End GeneralPosition.

Definition evalSpan (k : fieldType) (n r s : nat) (B : 'M[k]_(s, r)) : 'M[k]_(s * n, r * n) :=
  lin_mx (mulmx B^T).
Arguments evalSpan {k} n {r s} B.

Section Spans.
Variables (k : fieldType) (n r : nat) (P : 'I_r -> 'rV[k]_n).

Lemma evalmx_sub_evalSpan d s (B : 'M[k]_(s, r)) (g : 'I_n -> {mpoly k[n]}) :
  (forall f, f \is d.-homog -> (\row_j evalAt (P j) f <= B)%MS) ->
  (forall j, g j \is d.-homog) -> (mxvec (evalmx P g) <= evalSpan n B)%MS.
Proof.
move=> B_span g_d.
have /fin_all_exists[y y_B] j : exists y : 'rV[k]_s, \row_i evalAt (P i) (g j) = y *m B.
  exact/submxP/B_span/g_d.
have -> : evalmx P g = B^T *m \matrix_(a, j) y j 0 a.
  apply/matrixP => i j; rewrite !mxE; have := congr1 (fun w : 'rV[k]_r => w 0 i) (y_B j).
  by rewrite !mxE => ->; apply: eq_bigr => a _; rewrite !mxE mulrC.
by rewrite -mul_vec_lin submxMl.
Qed.

Definition radialSpan : 'M[k]_(r, r * n) := \matrix_(i < r) mxvec (radialmx P (delta_mx 0 i)).

Lemma mul_radialSpan (y : 'rV[k]_r) : y *m radialSpan = mxvec (radialmx P y).
Proof.
rewrite mulmx_sum_row; under eq_bigr do rewrite rowK -linearZ.
rewrite -linear_sum; congr mxvec; apply/matrixP => i j.
rewrite !mxE summxE (bigD1 i) //= big1 => [|i' ne_i'i]; rewrite !mxE ?eqxx.
  by rewrite mul1r addr0.
by rewrite eq_sym (negbTE ne_i'i) mul0r mulr0.
Qed.

Lemma radialSpan_free : (forall i, P i != 0) -> row_free radialSpan.
Proof.
move=> P_neq0; apply: inj_row_free => y; rewrite mul_radialSpan => /eqP; rewrite mxvec_eq0.
move=> /eqP y_P; apply/rowP => i; rewrite mxE; apply/eqP/contraT => yi_neq0.
have /eqP[] := P_neq0 i; apply/rowP => j; have /eqP := congr1 (fun M : 'M[k]_(r, n) => M i j) y_P.
by rewrite !mxE mulf_eq0 (negbTE yi_neq0) => /eqP.
Qed.

(* The radial matrices [diag(a) P] with [a] the values of a form of degree [d] are values
   of the [n]-tuple [a * 'X_j] of forms of degree [d.+1]: this gives [s0] dimensions in the
   intersection. *)
Lemma rank_evalSpan_radial d s1 s0 (B1 : 'M[k]_(s1, r)) :
  (forall i, P i != 0) ->
  (forall f, f \is d.+1.-homog -> (\row_j evalAt (P j) f <= B1)%MS) ->
  imposes_conditions P d s0 ->
  (\rank (evalSpan n B1 + radialSpan)%MS + s0 <= s1 * n + r)%N.
Proof.
move=> P_neq0 B1_span [B0 [B0_free B0_rows _]].
have radial_sub : (B0 *m radialSpan <= evalSpan n B1)%MS.
  apply/row_subP => b; rewrite row_mul; have [h [h_d ->]] := B0_rows b.
  rewrite mul_radialSpan (_ : radialmx P _ = evalmx P (fun j => h * 'X_j)).
    by apply: (evalmx_sub_evalSpan B1_span) => j; rewrite -addn1 dhomogM // dhomogX /= mdeg1.
  by apply/matrixP => i j; rewrite !mxE evalAtM evalAtX.
have : (B0 *m radialSpan <= evalSpan n B1 :&: radialSpan)%MS.
  by rewrite sub_capmx radial_sub submxMl.
move/mxrankS; rewrite mxrankMfree ?radialSpan_free // (eqnP B0_free) => s0_le.
have := mxrank_sum_cap (evalSpan n B1) radialSpan.
have := rank_leq_row (evalSpan n B1); have := rank_leq_row radialSpan; lia.
Qed.

End Spans.

Section ConeHom.
Variables (k : fieldType) (n r : nat) (P : 'I_r -> 'rV[k]_n) (l : nat).
Variable F : nat -> 'I_r -> {mpoly k[n]}.
Hypothesis F_homog : forall d i, F d i \is d.-homog.
Hypothesis F_interpolates : forall f, inConeIdeal P f -> forall q, pihomog mdeg q f != 0 ->
  forall i j, evalAt (P j) (F (q + l) i) = (i == j)%:R.
Implicit Types (W : 'M[k]_(r, n)) (f g a b : {mpoly k[n]}).

Definition coneHom W f : {mpoly k[n]} :=
  \sum_(q < msize f) \sum_(i < r)
     evalAt (P i) (dderiv (row i W) (pihomog mdeg q f)) *: F (q + l) i.

Lemma coneHom_eval W f t i : inConeIdeal P f ->
  evalAt (t *: P i) (coneHom W f) = t ^+ l.+1 * evalAt (t *: P i) (dderiv (row i W) f).
Proof.
move=> If; rewrite {2}(pihomog_partitionE (leqnn (msize f))) dderiv_sum.
rewrite evalAt_sum mulr_sumr evalAt_sum; apply: eq_bigr => q _.
have [-> | fq_neq0] := eqVneq (pihomog mdeg q f) 0.
  by rewrite dderiv0 evalAt0 mulr0 big1 ?evalAt0 // => j _; rewrite dderiv0 evalAt0 scale0r.
rewrite evalAt_sum (bigD1 i) //= big1 ?addr0 => [|j ne_ji];
  rewrite evalAtZ (evalAt_homog _ _ (F_homog _ _)) (F_interpolates If fq_neq0).
  rewrite eqxx mulr1; case: q fq_neq0 => [[|q] lt_q] fq_neq0 /=.
    by rewrite dderiv_homog0 ?evalAt0 ?mulr0 ?mul0r // pihomogP.
  rewrite (evalAt_homog _ _ (dderiv_homog _ (pihomogP _ _ _))) /= mulrA -exprD.
  by rewrite mulrC addnC addSnnS.
by rewrite (negbTE ne_ji) !mulr0.
Qed.

Lemma coneHom_isHomIO W : isHomIO P (coneHom W).
Proof.
move=> f g a b If Ig i t.
have Ifg : inConeIdeal P (a * f + b * g) by apply: inConeIdealD; apply: inConeIdealMl.
rewrite evalAtB evalAtD !evalAtM !coneHom_eval // !dderivD !dderivM !evalAtD !evalAtM.
rewrite (If i t) (Ig i t) !mulr0 !add0r.
by rewrite mulrDr [_ * (_ * _)]mulrCA [evalAt _ b * (_ * _)]mulrCA subrr.
Qed.

Lemma coneHom_homDeg W : homDeg P l (coneHom W).
Proof.
move=> q f If f_q; exists (coneHom W f); split; last by rewrite subrr; exact: inConeIdeal0.
apply: rpred_sum => p _; apply: rpred_sum => i _.
have [-> | ne_pq] := eqVneq (p : nat) q; first exact/dhomogZ/F_homog.
by rewrite (pihomog_ne0 _ f_q) 1?eq_sym // dderiv0 evalAt0 scale0r dhomog0.
Qed.

Lemma coneHom_suml (I : finType) (c : I -> k) (W : I -> 'M[k]_(r, n)) f :
  \sum_j c j *: coneHom (W j) f = coneHom (\sum_j c j *: W j) f.
Proof.
rewrite /coneHom; under eq_bigr do rewrite scaler_sumr.
rewrite exchange_big; apply: eq_bigr => q _; under eq_bigr do rewrite scaler_sumr.
rewrite exchange_big; apply: eq_bigr => i _; under eq_bigr do rewrite scalerA.
have -> : row i (\sum_j c j *: W j) = \sum_j c j *: row i (W j).
  by apply/rowP => j'; rewrite !(mxE, summxE); apply: eq_bigr => j _; rewrite !mxE.
rewrite -scaler_suml dderiv_suml evalAt_sum; congr (_ *: _).
by apply: eq_bigr => j _; rewrite evalAtZ.
Qed.

Lemma coneHom_derivApply_decomp W (g : 'I_n -> {mpoly k[n]}) :
  (forall i j, i != j -> forall c : k, P i != c *: P j) ->
  (forall f, inConeIdeal P f -> inConeIdeal P (coneHom W f - derivApply g f)) ->
  exists a : 'rV[k]_r, W = evalmx P g + radialmx P a.
Proof.
move=> distinct Wg.
have row_sub i : (row i W - row i (evalmx P g) <= P i)%MS.
  apply: sub_of_dderiv_vanishing => // f If.
  have := Wg f If i 1; rewrite evalAtB coneHom_eval // expr1n mul1r !scale1r.
  rewrite evalAt_derivApply dderivBl evalAtB => <-; congr (_ - evalAt _ (dderiv _ _)).
  by apply/rowP => j; rewrite !mxE.
have /fin_all_exists[a a_P] : forall i, exists a : k, row i W - row i (evalmx P g) = a *: P i.
  by move=> i; apply/sub_rVP/row_sub.
exists (\row_i a i); apply/matrixP => i j.
have := congr1 (fun w : 'rV[k]_n => w 0 j) (a_P i).
by rewrite !mxE => <-; rewrite addrC subrK.
Qed.

Lemma T1_dim_ge_coneHom m s1 (B1 : 'M[k]_(s1, r)) (C : 'M[k]_(m, r * n)) :
  (forall i j, i != j -> forall c : k, P i != c *: P j) ->
  (forall f, f \is l.+1.-homog -> (\row_j evalAt (P j) f <= B1)%MS) ->
  row_free C -> (C <= (evalSpan n B1 + radialSpan P)^C)%MS -> T1_dim_ge P l m.
Proof.
move=> distinct B1_span C_free C_sub.
exists (fun j => coneHom (vec_mx (row j C))); split => [j | c g g_homog c_g].
  by split; [apply: coneHom_isHomIO | apply: coneHom_homDeg].
pose V := \sum_j c j *: vec_mx (row j C).
have V_C : mxvec V = \row_j c j *m C.
  rewrite mulmx_sum_row linear_sum; apply: eq_bigr => j _.
  by rewrite linearZ /= vec_mxK mxE.
have [y V_eq] : exists y, V = evalmx P g + radialmx P y.
  apply: coneHom_derivApply_decomp => // f If.
  by rewrite /V -coneHom_suml; apply: c_g.
have V_U : (mxvec V <= evalSpan n B1 + radialSpan P)%MS.
  rewrite V_eq linearD /= addmx_sub_adds // -?mul_radialSpan ?submxMl //.
  by apply: evalmx_sub_evalSpan B1_span _ => j; rewrite -addn1.
have : (mxvec V <= (evalSpan n B1 + radialSpan P) :&: (evalSpan n B1 + radialSpan P)^C)%MS.
  by rewrite sub_capmx V_U V_C (submx_trans (submxMl _ _) C_sub).
rewrite capmx_compl submx0 V_C mulmx_free_eq0 // => /eqP/rowP c0 j.
by have := c0 j; rewrite !mxE.
Qed.

End ConeHom.

Lemma T1_dimension_count (n r l m s1 s0 : nat) : (0 < l)%N -> (s1 <= 'C(n + l, l + 1))%N ->
  s0 = minn r 'C(n + l - 1, l) ->
  (m%:Z <= Num.max 0 ((n%:Z - 1) * (r%:Z - ('C(n + l, l + 1))%:Z)
                       - ('C(n + l - 1, l + 1))%:Z)) ->
  (m <= r * n + s0 - (s1 * n + r))%N.
Proof.
move=> l_gt0 s1_le -> m_le; have [-> // | m_gt0] := posnP m.
have {m_le} m_le : m%:Z <= (n%:Z - 1) * (r%:Z - ('C(n + l, l + 1))%:Z)
                            - ('C(n + l - 1, l + 1))%:Z.
  by move: m_le; rewrite le_max => /orP[|//]; lia.
have pascal : 'C(n + l, l + 1) = ('C(n + l - 1, l) + 'C(n + l - 1, l + 1))%N.
  have n_l : (n + l = (n + l - 1).+1)%N by lia.
  by rewrite {1}n_l addn1 binS addnC.
rewrite pascal in m_le s1_le.
have C0_n0 : n = 0%N -> 'C(n + l - 1, l) = 0%N.
  by move=> ->; rewrite bin_small // add0n subn1 prednK.
move: m_le s1_le C0_n0; set C0 := 'C(_, l); set C2 := 'C(_, l + 1).
clearbody C0 C2; clear pascal.
case: n => [|[|n]] m_le s1_le C0_n0.
- by move: m_le m_gt0 (C0_n0 erefl); lia.
- by move: m_le m_gt0; lia.
have C_lt_r : (C0 + C2 < r)%N.
  by rewrite ltnNge; apply/negP => r_le; move: m_le m_gt0 r_le; nia.
rewrite (minn_idPr (ltnW (leq_ltn_trans (leq_addr C2 C0) C_lt_r))).
by move: m_le s1_le; nia.
Qed.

========================================

→ **Directions**: Copy verbatim, from the listing above, each line from the one containing "move/mxrankS; rewrite mxrankMfree" down to the one containing "forall i j, evalAt", inclusive.

→ **Completed exercise**:
move/mxrankS; rewrite mxrankMfree ?radialSpan_free // (eqnP B0_free) => s0_le.
have := mxrank_sum_cap (evalSpan n B1) radialSpan.
have := rank_leq_row (evalSpan n B1); have := rank_leq_row radialSpan; lia.
Qed.

End Spans.

Section ConeHom.
Variables (k : fieldType) (n r : nat) (P : 'I_r -> 'rV[k]_n) (l : nat).
Variable F : nat -> 'I_r -> {mpoly k[n]}.
Hypothesis F_homog : forall d i, F d i \is d.-homog.
Hypothesis F_interpolates : forall f, inConeIdeal P f -> forall q, pihomog mdeg q f != 0 ->
  forall i j, evalAt (P j) (F (q + l) i) = (i == j)%:R.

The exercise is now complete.